New field uses images of living organisms to understand biological processes of life
September 28, 2021
Rensselaer Polytechnic Institute computer scientist Chuck Stewart will join a newly created institute aimed at using images of living organisms to understand biological processes like species evolution, genetic inheritance patterns, and even behavior. Stewart, an expert in the ecological applications of artificial intelligence and computer vision, will join the new Imageomics Institute, which is supported by a $15 million grant from the National Science Foundation (NSF).
“One of the grand challenges in research is discovering the rules of life,” said Stewart, a professor and head of the department of computer science at Rensselaer. “The goal of imageomics is to use AI and machine learning to help infer phylogenetic traits from images to understand everything from the structure of species down to individual characteristics and behaviors. At its core, we will use images to make biological predictions which can be verified by biologists or ecologists.”
Stewart is an expert in the ecological applications of computer vision and a co-investigator in the Wildbook project with Wild Me, which builds open source software and artificial intelligence for the conservation research community. The project draws heavily on a computer program he and his students created, known as the Image-Based Ecological Information System, which can identify individual animals in ordinary photographs and match them against images of known animals stored in a database.
“Professor Stewart’s extensive experience in extracting detailed, individualized information from wildlife imagery across multiple species makes him an essential member of the new Imageomics Institute,” said Curt Breneman, dean of the School of Science at Rensselaer. “His innovative computational solutions represent core enabling technology underpinning the new field of imageomics.”
The Imageomics Institute will be led by The Ohio State University and is an inaugural institute for data-intensive discovery in science and engineering created by the NSF as part of its Harnessing the Data Revolution initiative.
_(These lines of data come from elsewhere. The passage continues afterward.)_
(* Let $\xi$ be an integrable random variable, $M\in\mathcal M$, $I\in\mathcal N$ and $t\ge0$ (resp. $t>0$ for the second identity). Then, under the convention $0/0:=0$, almost surely $$\mathbb I^M_t\,\mathbb E[\xi\mid\mathcal G_t\vee\sigma(R_I)]=\mathbb I^M_t\,\frac{\mathbb E_{M,R_I}[\xi\,\mathbb I^M_t]}{\mathbb E_{M,R_I}[\mathbb I^M_t]},\qquad \mathbb I^M_{t-}\,\mathbb E[\xi\mid\mathcal G^-_t\vee\sigma(R_I)]=\mathbb I^M_{t-}\,\frac{\mathbb E_{M,R_I}[\xi\,\mathbb I^M_{t-}]}{\mathbb E_{M,R_I}[\mathbb I^M_{t-}]}.$$ (For $I=\emptyset$, $\sigma(R_I)$ is the trivial $\sigma$-algebra.)
   Context: Standing framework. Let $(\Omega,\mathcal A,P)$ be a complete probability space where $\Omega$ is a Polish space and $\mathcal A$ its Borel $\sigma$-algebra; let $\mathcal Z\subset\mathcal A$ denote the family of $P$-null sets. Let $E$ be a separable complete metric space with Borel $\sigma$-algebra $\mathcal E$. Let $T_i:\Omega\to[0,\infty]$ and $Z_i:\Omega\to E$, $i\in\mathbb N$, be random variables such that for every $i\in\mathbb N$: $Z_{2i-1}=Z_{2i}$, $T_{2i-1}\le T_{2i}$, and $T_{2i-1}<T_{2i}$ on $\{T_{2i}<\infty\}$. Assume $\mathbb E[\sum_{i=1}^\infty\mathbf 1_{\{T_i\le t\}}]<\infty$ for all $t\ge0$. Let $\mathcal N$ be the set of finite subsets of $\mathbb N$ and $\mathcal M$ the set of finite subsets of $\{1,3,5,\dots\}$. For $I\in\mathcal N$ let $E_I=E^{|I|}$, $\mathcal E_I=\mathcal B(E_I)$, $Z_I=(Z_i)_{i\in I}$, and define the random counting measure $\mu_I$ on $[0,\infty)\times E_I$ by $\mu_I([0,t]\times B)=\mathbf 1_{\{t\ge T_i=T_j\ \forall i,j\in I\}\cap\{T_i\neq T_j\ \forall i\in I,\,j\notin I\}}\mathbf 1_{\{Z_I\in B\}}$, $t\ge0$, $B\in\mathcal E_I$. Let $Q_I=\sup\{t\ge0:\mu_I([0,t]\times E_I)=0\}$ and $R_I=(Q_I,Z_I)$. Information: $\mathcal G_t=\sigma\big(\{T_{2i-1}\le t<T_{2i}\}\cap\{Z_{2i}\in B\}:B\in\mathcal E,i\in\mathbb N\big)\vee\mathcal Z$ ($t\ge0$), $\mathcal G^-_t=\sigma\big(\{T_{2i-1}< t\le T_{2i}\}\cap\{Z_{2i}\in B\}:B\in\mathcal E,i\in\mathbb N\big)\vee\mathcal Z$ ($t>0$). For $M\in\mathcal M$: $A^M_t=\bigcap_{i\in M}\{T_i\le t<T_{i+1}\}\cap\bigcap_{i\text{ odd},\,i\notin M}(\Omega\setminus\{T_i\le t<T_{i+1}\})$, $A^M_{t-}$ defined in the same way with $\{T_i<t\le T_{i+1}\}$ in place of $\{T_i\le t<T_{i+1}\}$, $\mathbb I^M_t=\mathbf 1_{A^M_t}$, $\mathbb I^M_{t-}=\mathbf 1_{A^M_{t-}}$. Conditional distributions: for $M\in\mathcal M$, $I\in\mathcal N$, $P_{M,R_I}$ is a fixed regular version of $P(\cdot\mid Z_M,R_I)$ and $\mathbb E_{M,R_I}[\xi]=\int\xi\,dP_{M,R_I}$; $P_M:=P_{M,R_\emptyset}$ (a version of $P(\cdot\mid Z_M)$) and $\mathbb E_M$ its expectation. *)

From HB Require Import structures.
From mathcomp Require Import all_boot all_order all_algebra finmap.
From mathcomp Require Import all_classical all_reals all_analysis measurable_realfun.
Import Order.TTheory GRing.Theory Num.Theory.
Theorem mainTheorem4 (p tau : nat) (a b : seq 'Z_p) :
  (2 <= p)%N -> ~~ odd p ->
  (1 <= tau <= p)%N -> ~~ odd tau -> (tau %| p)%N -> ~~ odd (p %/ tau) ->
  inU a -> inU b -> equivalent a b ->
  mu_ptau tau a = mu_ptau tau b.
Proof.
move=> p_gt1 _ /andP[tau_gt0 _] _ tau_dvd_p quot_even _ _ [_ [_ equiv_ab]].
elim: equiv_ab => [s t st | // | s t _ IH | s t u _ IH1 _ IH2].
- exact: mu_ptau_step st.
- by rewrite IH.
- by rewrite IH1 IH2.
Qed.
Lemma concave_increment_mul L j : (L <= n)%N -> (j < L)%N ->
  j%:R * (E L - E L.-1) <= E L - E (L - j).
Proof.
move=> le_Ln; elim: j => [|j IHj] lt_jL; first by rewrite mul0r subn0 subrr.
have := concave_increment_le (i := L - j) (d := j) ltac:(lia) ltac:(lia).
have := IHj ltac:(lia).
have -> : (L - j + j = L)%N by lia.
have -> : (L - j).-1 = (L - j.+1)%N by lia.
rewrite -natr1 mulrDl mul1r; lra.
Qed.

Variable k : nat.
Hypothesis E_hole :
  forall b, (k <= b)%N -> (b + k.+1 <= n)%N -> E (b + k.+1) <= E k + E b.

Lemma hole_iter_le j : (k + j * k.+1 <= n)%N -> E (k + j * k.+1) <= j.+1%:R * E k.
Proof.
elim: j => [|j IHj] le_n; first by rewrite mul0n addn0 mul1r.
rewrite mulSn [(k.+1 + _)%N]addnC addnA -natr1 mulrDl mul1r.
have := E_hole (b := k + j * k.+1) ltac:(lia) ltac:(lia).
have := IHj ltac:(lia); lra.
Qed.

(* Past [2k + 1], concavity and the hole inequality bound each increment by
   [E k / (k + 1)]. *)
Lemma concave_tail_le a s : (k.*2.+1 <= a)%N -> (a + s <= n)%N ->
  k.+1%:R * E (a + s) <= k.+1%:R * E a + s%:R * E k.
Proof.
move=> le_a; elim: s => [|s IHs] le_n; first by rewrite addn0 mul0r addr0.
have := concave_increment_mul (L := a + s.+1) (j := k.+1) ltac:(lia) ltac:(lia).
have := E_hole (b := a + s.+1 - k.+1) ltac:(lia) ltac:(lia).
have -> : (a + s.+1 - k.+1 + k.+1 = a + s.+1)%N by lia.
have -> : (a + s.+1).-1 = (a + s)%N by lia.
rewrite -natr1 mulrDl mul1r; have := IHs ltac:(lia); lra.
Qed.

Lemma concave_hole_bound : (k.*2.+2 <= n)%N -> E n = E n.-1 ->
  k.+1%:R * E n <= n%:R * E k.
Proof.
move=> le_n E_last.
pose m := ((n.-1 - k) %/ k.+1)%N; pose s := ((n.-1 - k) %% k.+1)%N.
have def_n1 : (n.-1 = k + m * k.+1 + s)%N by rewrite -addnA -divn_eq; lia.
have m_gt0 : (0 < m)%N by rewrite divn_gt0 //; lia.
have := hole_iter_le (j := m) ltac:(lia).
have := concave_tail_le (a := k + m * k.+1) (s := s) ltac:(nia) ltac:(lia).
rewrite E_last def_n1.
have -> : n = (m.+1 * k.+1 + s)%N by rewrite mulSn; lia.
rewrite natrD natrM => tail_le /(ler_wpM2l (ler0n R k.+1)); lra.
Qed.

End ConcaveSequence.

Section ArcEntropy.
Local Open Scope ring_scope.
Variables (R : realType) (A : finType) (n k : nat) (n_gt0 : (0 < n)%N).
Variable X : {set {ffun 'I_n -> A}}.
Hypothesis X_decodable :
  {in X &, forall (x y : {ffun 'I_n -> A}) v,
    (forall u, circ_adj n k v u -> x u = y u) -> x v = y v}.

Local Notation H := (@entropy R _ _ X).
Local Notation shift := (shift n_gt0).

Lemma entropy_setU1_nbr (S : {set 'I_n}) v :
  (forall u, circ_adj n k v u -> u \in S) -> H (S :|: [set v]) = H S.
Proof.
move=> nbr_S; apply: entropy_setU_determined => x y Xx Xy xy; rewrite agree_on1.
by apply/eqP/X_decodable => // u /nbr_S /(forall_inP xy) /eqP.
Qed.

Definition arc_entropy L := \sum_(r : 'I_n) H (arc r L).

Lemma arc_entropy_shift a L : \sum_(r : 'I_n) H (arc (shift r a) L) = arc_entropy L.
Proof. by rewrite /arc_entropy [RHS](reindex_inj (@shift_inj _ n_gt0 a)). Qed.

Lemma arc_entropy_concave L : (0 < L < n)%N ->
  arc_entropy L.+1 + arc_entropy L.-1 <= 2 * arc_entropy L.
Proof.
move=> L_bd; rewrite -(arc_entropy_shift 1 L.-1) mulr2n mulrDl mul1r.
rewrite -{2}(arc_entropy_shift 1 L) /arc_entropy -!big_split /=.
apply: ler_sum => r _.
by rewrite (arcS_shift1 n_gt0 r L_bd) -(arcI_shift1 n_gt0 r L_bd) entropy_submod.
Qed.

Lemma arc_entropy_hole b : (k <= b)%N -> (b + k.+1 <= n)%N ->
  arc_entropy (b + k.+1) <= arc_entropy k + arc_entropy b.
Proof.
move=> le_kb le_n; rewrite -(arc_entropy_shift k.+1 b) /arc_entropy -big_split /=.
apply: ler_sum => r _; rewrite (arc_hole n_gt0 r le_n) entropy_setU1_nbr.
  exact: entropy_subadd.
by move=> u; apply: circ_adj_arc_hole => //; lia.
Qed.

Lemma entropy_arc_le r L : (L <= n)%N ->
  H (arc r L) <= L%:R * (#|X|%:R * ln #|A|%:R).
Proof.
elim: L => [|L IHL] le_n; first by rewrite arc0 entropy_set0 mul0r.
rewrite (arcS n_gt0 r le_n) -natr1 mulrDl mul1r.
apply: le_trans (entropy_subadd R X _ _) _.
by rewrite lerD ?IHL ?entropy_set1_le //; lia.
Qed.

Lemma arc_entropy_le L : (L <= n)%N ->
  arc_entropy L <= n%:R * (L%:R * (#|X|%:R * ln #|A|%:R)).
Proof.
move=> le_n; rewrite [n%:R * _]mulr_natl -[n in _ *+ n]card_ord -sumr_const.
by apply: ler_sum => r _; apply: entropy_arc_le.
Qed.

Lemma arc_entropy_last : (k < n)%N -> arc_entropy n = arc_entropy n.-1.
Proof.
move=> lt_kn; apply: eq_bigr => r _.
have lt_pn : (n.-1 < n)%N by rewrite ltn_predL.
have := arcS n_gt0 r lt_pn; rewrite prednK // => ->.
by apply: entropy_setU1_nbr => u; apply: circ_adj_arc_last.
Qed.

Lemma arc_entropy_full : arc_entropy n = n%:R * (#|X|%:R * ln #|X|%:R).
Proof.
rewrite [n%:R * _]mulr_natl -[n in _ *+ n]card_ord -sumr_const.
by apply: eq_bigr => r _; rewrite (arc_full n_gt0) entropy_setT.
Qed.

Lemma decodable_card_le : (k.*2.+2 <= n)%N -> (#|X| ^ k.+1 <= #|A| ^ (n * k))%N.
Proof.
move=> le_n; have lt_kn : (k < n)%N by lia.
have [X0|[x0 Xx0]] := set_0Vmem X; first by rewrite X0 cards0 exp0n.
set N : R := #|X|%:R; set q : R := #|A|%:R.
have N_gt0 : 0 < N by rewrite ltr0n card_gt0; apply/set0Pn; exists x0.
have q_gt0 : 0 < q by rewrite ltr0n; apply/card_gt0P; exists (x0 (Ordinal n_gt0)).
have E_bound := concave_hole_bound arc_entropy_concave arc_entropy_hole le_n
  (arc_entropy_last lt_kn).
have := le_trans E_bound (ler_wpM2l (ler0n R n) (arc_entropy_le (ltnW lt_kn))).
rewrite arc_entropy_full.
have -> : k.+1%:R * (n%:R * (N * ln N)) = n%:R * N * (k.+1%:R * ln N) by ring.
have -> : n%:R * (n%:R * (k%:R * (N * ln q))) = n%:R * N * ((n * k)%:R * ln q).
  by rewrite natrM; ring.
rewrite ler_pM2l => [ln_le|]; last by rewrite mulr_gt0 // ltr0n.
rewrite -(ler_nat R) !natrX -ler_ln ?posrE ?exprn_gt0 // !lnXn //.
by rewrite -[ln N *+ _]mulr_natl -[ln q *+ _]mulr_natl.
Qed.

End ArcEntropy.

Section XorCode.
Variables (n k : nat) (n_gt0 : 0 < n) (lt_kn : k < n).
Local Notation shift := (shift n_gt0).
Local Notation bits := {ffun 'I_k.+1 -> bool}.

Let card_bits : #|alph k.+1| = #|bits|.
Proof. by rewrite card_ffun card_bool !card_ord. Qed.

Let to_bits (a : alph k.+1) : bits := enum_val (cast_ord card_bits (enum_rank a)).
Let of_bits (b : bits) : alph k.+1 := enum_val (cast_ord (esym card_bits) (enum_rank b)).
Let to_bitsK : cancel to_bits of_bits.
Proof. by move=> a; rewrite /to_bits /of_bits enum_valK cast_ordK enum_rankK. Qed.

(* Bit [j] of the message of [v] enters the broadcast bit at [v - j] only,
   together with bits of the messages of [v - j + j'] for [j' <> j], all
   neighbours of [v]. *)
Definition xor_encode (x : 'I_n -> alph k.+1) : {ffun 'I_n -> bool} :=
  [ffun r => \big[addb/false]_(j < k.+1) to_bits (x (shift r j)) j].

Definition xor_decode v (p : {ffun 'I_n -> bool}) (x : 'I_n -> alph k.+1) :=
  of_bits [ffun j : 'I_k.+1 => p (shift v (n - j)) (+)
    \big[addb/false]_(j' < k.+1 | j' != j) to_bits (x (shift (shift v (n - j)) j')) j'].

Lemma shift_subK v (j : 'I_k.+1) : shift (shift v (n - j)) j = v.
Proof.
apply: val_inj => /=; rewrite modnDml.
have -> : v + (n - j) + j = v + n by have := ltn_ord j; lia.
by rewrite modnDr modn_small.
Qed.

Lemma circ_adj_shift_sub v (j j' : 'I_k.+1) : j' != j ->
  circ_adj n k v (shift (shift v (n - j)) j').
Proof.
move=> ne_j'j; apply/existsP; have := ltn_ord j; have := ltn_ord j'.
case: (ltnP j j') => [lt_jj'|le_j'j] lt_j' lt_j.
  have lt_g : j' - j < k.+1 by lia.
  exists (Ordinal lt_g); rewrite /= subn_gt0 lt_jj'; apply/orP; right.
  rewrite modnDml; apply/eqP; rewrite [in RHS]modn_mod.
  have -> : v + (n - j) + j' = v + (j' - j) + n by lia.
  by rewrite modnDr.
have lt_g : j - j' < k.+1 by lia.
have lt_j'j : j' < j by rewrite ltn_neqAle ne_j'j.
exists (Ordinal lt_g); rewrite /= subn_gt0 lt_j'j; apply/orP; left.
rewrite modnDml -addnA modnDml.
have -> : v + (n - j) + (j' + (j - j')) = v + n by lia.
by rewrite modnDr.
Qed.

Lemma xor_code_achievable : ic_achievable (circ_adj n k) k.+1 n.
Proof.
exists {ffun 'I_n -> bool}, xor_encode; split; last first.
  by rewrite card_ffun card_bool card_ord up_expnK.
exists xor_decode; split.
  move=> v p x y xy; congr of_bits; apply/ffunP => j; rewrite !ffunE.
  congr (_ (+) _); apply: eq_bigr => j' ne_j'j.
  by rewrite xy //; apply: circ_adj_shift_sub.
move=> x v; rewrite /xor_decode -[RHS]to_bitsK; congr of_bits; apply/ffunP => j.
by rewrite !ffunE (bigD1 j) //= shift_subK -addbA addbb addbF.
Qed.

End XorCode.

Lemma exists_large_fibre (T P : finType) (f : T -> P) (x0 : T) :
  exists p, #|T| <= #|P| * #|[set x | f x == p]|.
Proof.
have [p _ max_p] := @arg_maxnP P (f x0) xpredT (fun p => #|[set x | f x == p]|) isT.
exists p; have -> : #|T| = \sum_(q : P) #|[set x | f x == q]|.
  rewrite -sum1_card (partition_big f xpredT) //; apply: eq_bigr => q _.
  by rewrite -sum1_card; apply: eq_bigl => x; rewrite inE.
by rewrite -sum_nat_const; apply: leq_sum => q _; apply: max_p.
Qed.

Definition code_fibre (V : finType) t (P : finType) (E : (V -> alph t) -> P) (p : P) :
  {set {ffun V -> alph t}} := [set x : {ffun V -> alph t} | E x == p].

Lemma ic_solution_fibre_decodable (V : finType) (e : rel V) t (P : finType)
    (E : (V -> alph t) -> P) p : is_ic_solution e E ->
  {in code_fibre E p &, forall (x y : {ffun V -> alph t}) v,
    (forall u, e v u -> x u = y u) -> x v = y v}.
Proof.
move=> [D [D_local D_decodes]] x y; rewrite !inE => /eqP Ex /eqP Ey v xy.
by rewrite -(D_decodes x v) -(D_decodes y v) Ex Ey; apply: D_local.
Qed.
As such, the Imageomics Institute will be part of forming a national collaborative research network dedicated to computation-enabled discovery.
The institute will create a new field of study in which scientists use images of living organisms as the basis for understanding biological processes of life on Earth. This new approach, called imageomics, will utilize machine learning methodologies to extract from images biological traits such as the behavior or physical appearance of an individual, or even the distinguishing skeletal structure of a species. Imageomics will leverage and extend the paradigm of knowledge-guided machine learning by structuring the algorithmic underpinnings around biological knowledge and continually guiding and refining them using new biological knowledge as it is generated.
Similar to genomics before it, which applied computation to the study of the human genome, imageomics will leverage computer science to help scientists extract meaning from an otherwise unwieldy amount of natural image data. Images to be studied include digital collections from museums, labs, and other institutions, as well as photos taken by scientists in the field, camera traps, drones, and even members of the public who have uploaded their images to platforms such as eBird, iNaturalist, and Wildbook.
The ability to use image data for scientific discovery will get scientists closer to answering compelling questions such as: Are a baby zebra’s stripes similar to its mother’s and what might the genetic mechanism be for inheriting the pattern? How do the skulls of bats species vary with environmental conditions and what evolutionary adaptation drives that change? What subtle morphological features distinguish closely related species of fish from each other and why?
“So many pictures of organisms exist with scientific value that we’ve never been unable to analyze at the right scale,” said Tanya Berger-Wolf, faculty director of the Translational Data Analytics Institute and principal investigator for the Imageomics Institute. “This will change how we are able to see and understand the natural world. Computers help humans ‘see’ images differently and expose what we may otherwise miss.”
In addition to Berger-Wolf and Stewart, the project team includes biologist and computer scientist co-investigators from Tulane University, Virginia Tech, and Duke University; senior personnel from Ohio State, Virginia Tech, and six additional institutions; and collaborators from more than 30 universities and organizations around the world.